Task
Find the line with "Definition Pomega : Type := cantor_space." in the listing below. Write it out exactly, along with every later line up to the final one.

[[ Materials provided open ]]

(* A rhombic satin of odd order belongs to species $28_o$, and a rhombic satin of even order belongs to species $28_e$.
   Context: A prefabric consists of two perpendicular layers of unit-width strands, warps (vertical) and wefts (horizontal). The plane is divided into unit square cells. Each cell is dark if the warp is on top (seen from the front) and pale otherwise. A symmetry is an isometry of the plane, possibly combined with the side reversal $\tau$, preserving the prefabric. $G_1$ denotes the planar part of the symmetry group, and $H_1$ its side-preserving subgroup. Let $\delta$ be the length of a cell diagonal and $\beta=\delta/2$. The $(n,s)$ satin, with $\gcd(n,s)=1$, is the design of period $n$ in which row $i$ has its single dark cell in column $is \bmod n$. It is isonemal iff $s^2\equiv\pm1\pmod n$ and square iff $s^2\equiv-1\pmod n$. A non-square isonemal satin is rectangular if $n$ is even and $s^2\equiv 1\pmod{2n}$. Otherwise it is called rhombic. A prefabric belongs to species 28 if: - $G_1$ is of crystallographic type $cmm$, with axes at $45^\circ$ to the strands; - the glide-reflections whose axes lie between the mirrors are side-reversing; - all half-turns are side-preserving, so that $H_1$ is of type $p2$ with the rhombic $G_1$ lattice unit; - some half-turn centres lie at cell centres. The supplementary half-turn centres are those at intersections of glide-reflection axes. In each rhombic lattice unit they are the four corners of a central rectangle, which is bounded by glide-reflection axes. - Species $28_e$: the supplementary half-turn centres lie at cell corners, and the central rectangle measures $a\delta$ by $b\delta$ with $a$ odd, $b$ even, and $\gcd(a,b)=1$. - Species $28_o$: the supplementary half-turn centres lie on cell edges but not at cell corners, and the central rectangle measures $a\beta$ by $b\beta$ with $a,b$ odd and $\gcd(a,b)=1$. *)

From HB Require Import structures.
From mathcomp Require Import all_boot all_order all_algebra.
Set Implicit Arguments. Unset Strict Implicit. Unset Printing Implicit Defensive.
Import Order.TTheory GRing.Theory Num.Theory.
Local Open Scope ring_scope.

(* Cells are indexed by (x, y) : int * int (x = column, y = row); the  *)
(* centre of cell (x, y) is the point (x, y) of the plane, measured in *)
(* units of the strand width.  Points of the plane that matter here    *)
(* (half-turn centres, points on axes) have half-integer coordinates;  *)
(* we represent a point p by its DOUBLED coordinates P = 2p : int*int. *)

Definition cell_centre (P : int * int) : bool :=
  ~~ odd (absz P.1) && ~~ odd (absz P.2).
Definition cell_corner (P : int * int) : bool :=
  odd (absz P.1) && odd (absz P.2).
Definition on_cell_edge (P : int * int) : bool :=
  odd (absz P.1) || odd (absz P.2).

(* A prefabric: dark x y = true iff cell (x, y) is dark (warp on top). *)
Definition prefabric := int -> int -> bool.

(* Isometries of the plane preserving the strand structure (the square *)
(* grid of cells).  In cell-centre coordinates these are exactly the   *)
(* maps p |-> A p + t with A one of the 8 signed permutation matrices  *)
(* and t in Z^2:  (x,y) |-> (sx u + t1, sy v + t2) where (u,v) = (y,x) *)
(* if gsw (warps and wefts interchanged) and (u,v) = (x,y) otherwise,  *)
(* and the sign flags gsx, gsy mean negation.                          *)
Record gisom := GIsom { gsw : bool; gsx : bool; gsy : bool; gt1 : int; gt2 : int }.

Definition sgn (b : bool) (u : int) : int := if b then - u else u.

Definition gapp (g : gisom) (c : int * int) : int * int :=
  let uv := if gsw g then (c.2, c.1) else c in
  (sgn (gsx g) uv.1 + gt1 g, sgn (gsy g) uv.2 + gt2 g).
(* Let $\mathcal{F}\subseteq\mathcal{P}(\omega)$ be a free filter and let $\mathcal{F}^{(\omega)}$ be the set of all subsets of $\omega\times\omega$ of the form $\bigcup\{\{n\}\times A_n:n<\omega\}$ with $A_n\in\mathcal{F}$ for all $n$. Then (a) $\mathcal{F}$ is non-meager if and only if $\mathcal{F}^{(\omega)}$ is non-meager; and (b) $\mathcal{F}$ is a $P$-filter if and only if $\mathcal{F}^{(\omega)}$ is a $P$-filter.
   Context: A filter on a countable set $S$ is free if it contains all cofinite subsets of $S$. Subsets of $\omega$ (resp. $\omega\times\omega$) are identified with their characteristic functions, so $\mathcal{P}(\omega)$ and $\mathcal{P}(\omega\times\omega)$ carry the Cantor set topology; a filter is non-meager if it is not meager as a subspace of this Cantor set. A filter $\mathcal{G}$ is a $P$-filter if for every countable $\{G_n:n<\omega\}\subseteq\mathcal{G}$ there is $G\in\mathcal{G}$ with $G\setminus G_n$ finite for every $n$. ($\mathcal{F}^{(\omega)}$ is a filter on $\omega\times\omega$.) *)

From HB Require Import structures.
From mathcomp Require Import all_boot all_order all_algebra.
From mathcomp Require Import all_classical all_reals all_analysis.

Set Implicit Arguments.
Unset Strict Implicit.
Unset Printing Implicit Defensive.

Local Open Scope classical_set_scope.

(* P(omega), identified with characteristic functions: the Cantor space 2^omega *)
Definition Pomega : Type := cantor_space.
(* P(omega x omega), identified with characteristic functions: 2^(omega x omega)
   with the product topology of discrete bool *)
Definition Pomega2 : Type := prod_topology (fun _ : nat * nat => bool).
HB.instance Definition _ := Pointed.on Pomega2.
HB.instance Definition _ := Nbhs.on Pomega2.
HB.instance Definition _ := Topological.on Pomega2.

Definition nowhere_dense (X : topologicalType) (A : set X) : Prop :=
  interior (closure A) = set0.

[[ Materials provided closed ]]

Answer section
Definition Pomega : Type := cantor_space.
(* P(omega x omega), identified with characteristic functions: 2^(omega x omega)
   with the product topology of discrete bool *)
Definition Pomega2 : Type := prod_topology (fun _ : nat * nat => bool).
HB.instance Definition _ := Pointed.on Pomega2.
HB.instance Definition _ := Nbhs.on Pomega2.
HB.instance Definition _ := Topological.on Pomega2.

Definition nowhere_dense (X : topologicalType) (A : set X) : Prop :=
  interior (closure A) = set0.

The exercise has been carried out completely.